No obstante, había algo de lo que estaba seguro: no quería que cuando llegara Elizabeth le viera con el pijama del hospital. Intentó engatusar a una enfermera para que le hiciera unas compras, pero fue inútil. Entonces se acordó de Hansen. Les debía un favor por tanta publicidad, así que telefoneó a la embajada británica. Esta vez tuvo más suerte que con la enfermera. Hansen le envió dos asistentes y un sastre de la zona, que se encargó de tomarles las medidas a él y a Tom. Después de encargarse de realizar unas compras rápidas en Polgat's en Ramat Alenby, una elegante tienda de ropa de caballero, los asistentes regresaron al hospital con los trajes, el sastre y una máquina de coser, y el sastre se los arregló allí mismo.
Cuando llegó Elizabeth, Decker y Tom estaban sentados en el vestíbulo del hospital tomando un té y leyendo la edición inglesa del Jerusalem Post. Parecían salidos de un exclusivo club inglés, y su actuación no desmereció en absoluto su aspecto de caballeros. La broma funcionó hasta que las miradas de Elizabeth y Decker se encontraron. Entonces todo fueron abrazos, besos y lágrimas. A pesar del traje, Elizabeth se percató nada más abrazarlo de la gravedad del estado de Decker. Los huesos de la espalda se le notaban a través de la chaqueta. Instintivamente se dio cuenta de lo que Decker intentaba hacer e hizo un esfuerzo por parecer despreocupada.
Ilana Rosen dejó el termo de caldo y abrazó a Tom. Hope y Louisa abrazaron a la vez a su padre. De alguna forma se fueron fundiendo todos los abrazos hasta convertirse en un gigantesco abrazo. Incluso se unió a ellos Scott Rosen, que había venido acompañando a sus padres.
Al rato se sentaron todos a charlar. Elizabeth junto a Decker, los dos cogidos de la mano y hablando de lo ocurrido durante los tres últimos años. Al otro lado de Decker, Hope y Louisa se turnaban para sentarse junto a su padre. A Decker le impresionó el cambio que habían dado sus hijas. Hope tenía ya dieciséis años y Louisa, once. Nunca hasta entonces se había fijado en lo mucho que las dos se parecían a su madre. Era tanto lo que se había perdido… Decker intentó dejar las lamentaciones a un lado.
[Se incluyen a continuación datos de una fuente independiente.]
(* Let $H=(H_p,\Delta,\epsilon,S,\pi)_{p\in G}$ be a crossed group-cograded weak Hopf quasigroup over a group $G$. Define its mirror $\widetilde H=(\widetilde H_p,\widetilde\Delta,\widetilde\epsilon,\widetilde S,\widetilde\pi)_{p\in G}$ as follows: (1) as an algebra, $\widetilde H_p=H_{p^{-1}}$ for every $p\in G$; (2) for $p,q\in G$ the comultiplication $\widetilde\Delta_{p,q}:\widetilde H_{pq}=H_{q^{-1}p^{-1}}\to \widetilde H_p\otimes\widetilde H_q=H_{p^{-1}}\otimes H_{q^{-1}}$ is $\widetilde\Delta_{p,q}=(\pi_q\otimes \mathrm{id}_{H_{q^{-1}}})\circ\Delta_{q^{-1}p^{-1}q,\,q^{-1}}$; (3) the counit is $\widetilde\epsilon=\epsilon:\widetilde H_e=H_e\to k$; (4) the antipode is $\widetilde S_p=\pi_p\circ S_{p^{-1}}:\widetilde H_p=H_{p^{-1}}\to H_p=\widetilde H_{p^{-1}}$; (5) the crossing is $\widetilde\pi_p=\pi_p$ (viewed as a map $\widetilde H_q=H_{q^{-1}}\to H_{pq^{-1}p^{-1}}=\widetilde H_{pqp^{-1}}$). Then $\widetilde H$ is again a crossed group-cograded weak Hopf quasigroup over $G$.
   Context: Let $k$ be a field and $G$ a group with identity $e$. A group-cograded weak Hopf quasigroup $H$ over $G$ consists of a family $(H_p)_{p\in G}$ of unital, not necessarily associative, $k$-algebras with units $1_p$; $k$-linear maps $\Delta_{p,q}:H_{pq}\to H_p\otimes H_q$ ($p,q\in G$), written $\Delta_{p,q}(h)=h_{(1,p)}\otimes h_{(2,q)}$, which are coassociative, $(\Delta_{p,q}\otimes\mathrm{id})\Delta_{pq,r}=(\mathrm{id}\otimes\Delta_{q,r})\Delta_{p,qr}$ (iterated coproducts are written $h_{(1,p)}\otimes h_{(2,q)}\otimes h_{(3,r)}$, etc.); and a linear counit $\epsilon:H_e\to k$ with $(\epsilon\otimes\mathrm{id})\Delta_{e,p}=\mathrm{id}=(\mathrm{id}\otimes\epsilon)\Delta_{p,e}$; such that: (1) each $\Delta_{p,q}$ is multiplicative, and $(\Delta_{p,q}\otimes\mathrm{id})\Delta_{pq,r}(1_{pqr})=(\Delta_{p,q}(1_{pq})\otimes 1_r)(1_p\otimes\Delta_{q,r}(1_{qr}))=(1_p\otimes\Delta_{q,r}(1_{qr}))(\Delta_{p,q}(1_{pq})\otimes 1_r)$ for all $p,q,r$; (2) $\epsilon((gh)l)=\epsilon(g(hl))=\epsilon(gh_{(2,e)})\epsilon(h_{(1,e)}l)=\epsilon(gh_{(1,e)})\epsilon(h_{(2,e)}l)$ for $g,h,l\in H_e$; (3) writing $\Delta_{p,q}(1_{pq})=1_{(1,p)}\otimes 1_{(2,q)}$ and defining $\epsilon^t_p,\epsilon^s_p:H_e\to H_p$ by $\epsilon^t_p(h)=\epsilon(1_{(1,e)}h)1_{(2,p)}$ and $\epsilon^s_p(h)=1_{(1,p)}\epsilon(h1_{(2,e)})$, there is a family of linear maps $S_p:H_p\to H_{p^{-1}}$ (the antipode) with $S_p(h)=S_p(h_{(1,p)})\epsilon^t_{p^{-1}}(h_{(2,e)})=\epsilon^s_{p^{-1}}(h_{(1,e)})S_p(h_{(2,p)})$ for $h\in H_p$, and for all $h\in H_e$, $g\in H_p$: $S_{p^{-1}}(h_{(1,p^{-1})})(h_{(2,p)}g)=\epsilon^s_p(h)g$, $h_{(1,p)}(S_{p^{-1}}(h_{(2,p^{-1})})g)=\epsilon^t_p(h)g$, $(gh_{(1,p)})S_{p^{-1}}(h_{(2,p^{-1})})=g\epsilon^t_p(h)$, $(gS_{p^{-1}}(h_{(1,p^{-1})}))h_{(2,p)}=g\epsilon^s_p(h)$. It is crossed if it is equipped with a family of algebra isomorphisms $\pi_p:H_q\to H_{pqp^{-1}}$ ($p,q\in G$), the crossing, such that $(\pi_p\otimes\pi_p)\Delta_{q,r}=\Delta_{pqp^{-1},prp^{-1}}\pi_p$, $\epsilon\pi_p=\epsilon$ and $\pi_{pq}=\pi_p\pi_q$ for all $p,q,r\in G$. *)

From HB Require Import structures.
From mathcomp Require Import all_boot all_algebra.
Set Implicit Arguments. Unset Strict Implicit. Unset Printing Implicit Defensive.
Import GRing.Theory.
Local Open Scope ring_scope.

Record grp := Grp {
  gcar :> Type;
  gmul : gcar -> gcar -> gcar;
  ginv : gcar -> gcar;
  gunit : gcar;
  gmulA : forall x y z, gmul x (gmul y z) = gmul (gmul x y) z;
  gmul1l : forall x, gmul gunit x = x;
  gmul1r : forall x, gmul x gunit = x;
  gmulVl : forall x, gmul (ginv x) x = gunit;
  gmulVr : forall x, gmul x (ginv x) = gunit }.
Arguments gmul {g}.
Arguments ginv {g}.
Arguments gunit {g}.

Section GroupFacts.
Variable G : grp.
Implicit Types p q r x y : G.

Definition gconj p q : G := gmul (gmul p q) (ginv p).

Lemma ginv_uniq x y : gmul x y = gunit -> y = ginv x.
Proof.
move=> h; rewrite -[y]gmul1l -(gmulVl x) -gmulA h gmul1r //.
Qed.

Lemma ginvK x : ginv (ginv x) = x.
Proof. by symmetry; apply: ginv_uniq; apply: gmulVl. Qed.

Lemma ginv1 : ginv (gunit : G) = gunit.
Proof. by symmetry; apply: ginv_uniq; rewrite gmul1l. Qed.

Lemma ginvM x y : ginv (gmul x y) = gmul (ginv y) (ginv x).
Proof.
symmetry; apply: ginv_uniq.
by rewrite gmulA -(gmulA x) gmulVr gmul1r gmulVr.
Qed.

Lemma gconjM p q r : gconj p (gmul q r) = gmul (gconj p q) (gconj p r).
Proof.
rewrite /gconj !gmulA -(gmulA _ (ginv p) p) gmulVl gmul1r //.
Qed.

Lemma gconj1 p : gconj p gunit = gunit.
Proof. by rewrite /gconj gmul1r gmulVr. Qed.

Lemma gconjMl p q r : gconj (gmul p q) r = gconj p (gconj q r).
Proof. by rewrite /gconj ginvM !gmulA. Qed.

Lemma gconjV p q : gconj p (ginv q) = ginv (gconj p q).
Proof. by rewrite /gconj !ginvM ginvK gmulA. Qed.

Definition mir_idx p q : G := gmul (gmul (ginv q) (ginv p)) q.

Lemma mir_dom p q : ginv (gmul p q) = gmul (mir_idx p q) (ginv q).
Proof. by rewrite /mir_idx ginvM -gmulA gmulVr gmul1r. Qed.

Lemma mir_conj p q : gconj q (mir_idx p q) = ginv p.
Proof.
by rewrite /gconj /mir_idx !gmulA gmulVr gmul1l -gmulA gmulVr gmul1r.
Qed.

Lemma mir_antip p : gconj p (ginv (ginv p)) = ginv (ginv p).
Proof. by rewrite ginvK /gconj -gmulA gmulVr gmul1r. Qed.

End GroupFacts.

Section Tensors.
Variable k : fieldType.

Definition islin (U V : lmodType k) (f : U -> V) : Prop :=
  forall (a : k) (u v : U), f (a *: u + v) = a *: f u + f v.

Definition bilin (U V Z : lmodType k) (B : U -> V -> Z) : Prop :=
  (forall v, islin (fun u => B u v)) /\ (forall u, islin (B u)).

Definition trilin (U V W Z : lmodType k) (T : U -> V -> W -> Z) : Prop :=
  [/\ (forall v w, islin (fun u => T u v w)),
      (forall u w, islin (fun v => T u v w)) &
      (forall u v, islin (T u v))].

(* An element of U (x) V is represented by a finite formal sum
   sum_i u_i (x) v_i, i.e. a list of pairs; two lists represent the same
   tensor iff every bilinear map (into any k-vector space) takes the same
   value on them (universal property of the tensor product). *)
Definition teq2 (U V : lmodType k) (s t : seq (U * V)) : Prop :=
  forall (Z : lmodType k) (B : U -> V -> Z), bilin B ->
    \sum_(x <- s) B x.1 x.2 = \sum_(x <- t) B x.1 x.2.

Definition teq3 (U V W : lmodType k) (s t : seq (U * V * W)) : Prop :=
  forall (Z : lmodType k) (T : U -> V -> W -> Z), trilin T ->
    \sum_(x <- s) T x.1.1 x.1.2 x.2 = \sum_(x <- t) T x.1.1 x.1.2 x.2.

End Tensors.

Definition castH (k : fieldType) (G : grp) (H : G -> lmodType k) (p q : G)
  (e : p = q) (x : H p) : H q := eq_rect p (fun r => (H r : Type)) x q e.

Section CGWHQ.
Local Unset Implicit Arguments.
Variables (k : fieldType) (G : grp) (H : G -> lmodType k).
Variable mul : forall p, H p -> H p -> H p.
Variable one : forall p, H p.
Variable cop : forall p q : G, H (gmul p q) -> seq (H p * H q).
Variable eps : H gunit -> k.
Variable S : forall p : G, H p -> H (ginv p).
Variable pi : forall p q : G, H q -> H (gconj p q).

Local Notation e := (@gunit G).
Local Notation cH := (@castH _ _ H _ _).

Definition eps_t (p : G) (h : H e) : H p :=
  \sum_(x <- cop e p (one (gmul e p))) eps (mul e x.1 h) *: x.2.
Definition eps_s (p : G) (h : H e) : H p :=
  \sum_(x <- cop p e (one (gmul p e))) eps (mul e h x.2) *: x.1.

Definition cop_l (p q r : G) (h : H (gmul (gmul p q) r)) : seq (H p * H q * H r) :=
  flatten [seq [seq (y.1, y.2, x.2) | y <- cop p q x.1] | x <- cop (gmul p q) r h].
Definition cop_r (p q r : G) (h : H (gmul p (gmul q r))) : seq (H p * H q * H r) :=
  flatten [seq [seq (x.1, y.1, y.2) | y <- cop q r x.2] | x <- cop p (gmul q r) h].

Definition tmul2 (p q : G) (s t : seq (H p * H q)) : seq (H p * H q) :=
  [seq (mul p x.1 y.1, mul q x.2 y.2) | x <- s, y <- t].
Definition tmul3 (p q r : G) (s t : seq (H p * H q * H r)) : seq (H p * H q * H r) :=
  [seq (mul p x.1.1 y.1.1, mul q x.1.2 y.1.2, mul r x.2 y.2) | x <- s, y <- t].
Definition tscale2 (p q : G) (a : k) (s : seq (H p * H q)) : seq (H p * H q) :=
  [seq (a *: x.1, x.2) | x <- s].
Joshua e Ilana presentaron a Tom y Decker a su hijo, Scott, un fornido judío ortodoxo de unos ciento veinte kilos, metro noventa, barba y una espesa pelambrera de pelo negro rizado. La familia Rosen había limado muchas diferencias durante los últimos tres años.
Todos querían saber cómo Tom y Decker habían escapado y cómo había sido su cautiverio. Tampoco esta vez mencionaron el sueño. La conversación derivó un poco después al asunto de qué hacían en el Líbano cuando los secuestraron. Hasta ese momento, nadie sabía que habían sido secuestrados en Israel y trasladados a escondidas al otro lado de la frontera. Todos daban por sentado que habían entrado en el Líbano tras alguna noticia y que los habían secuestrado mientras estaban allí.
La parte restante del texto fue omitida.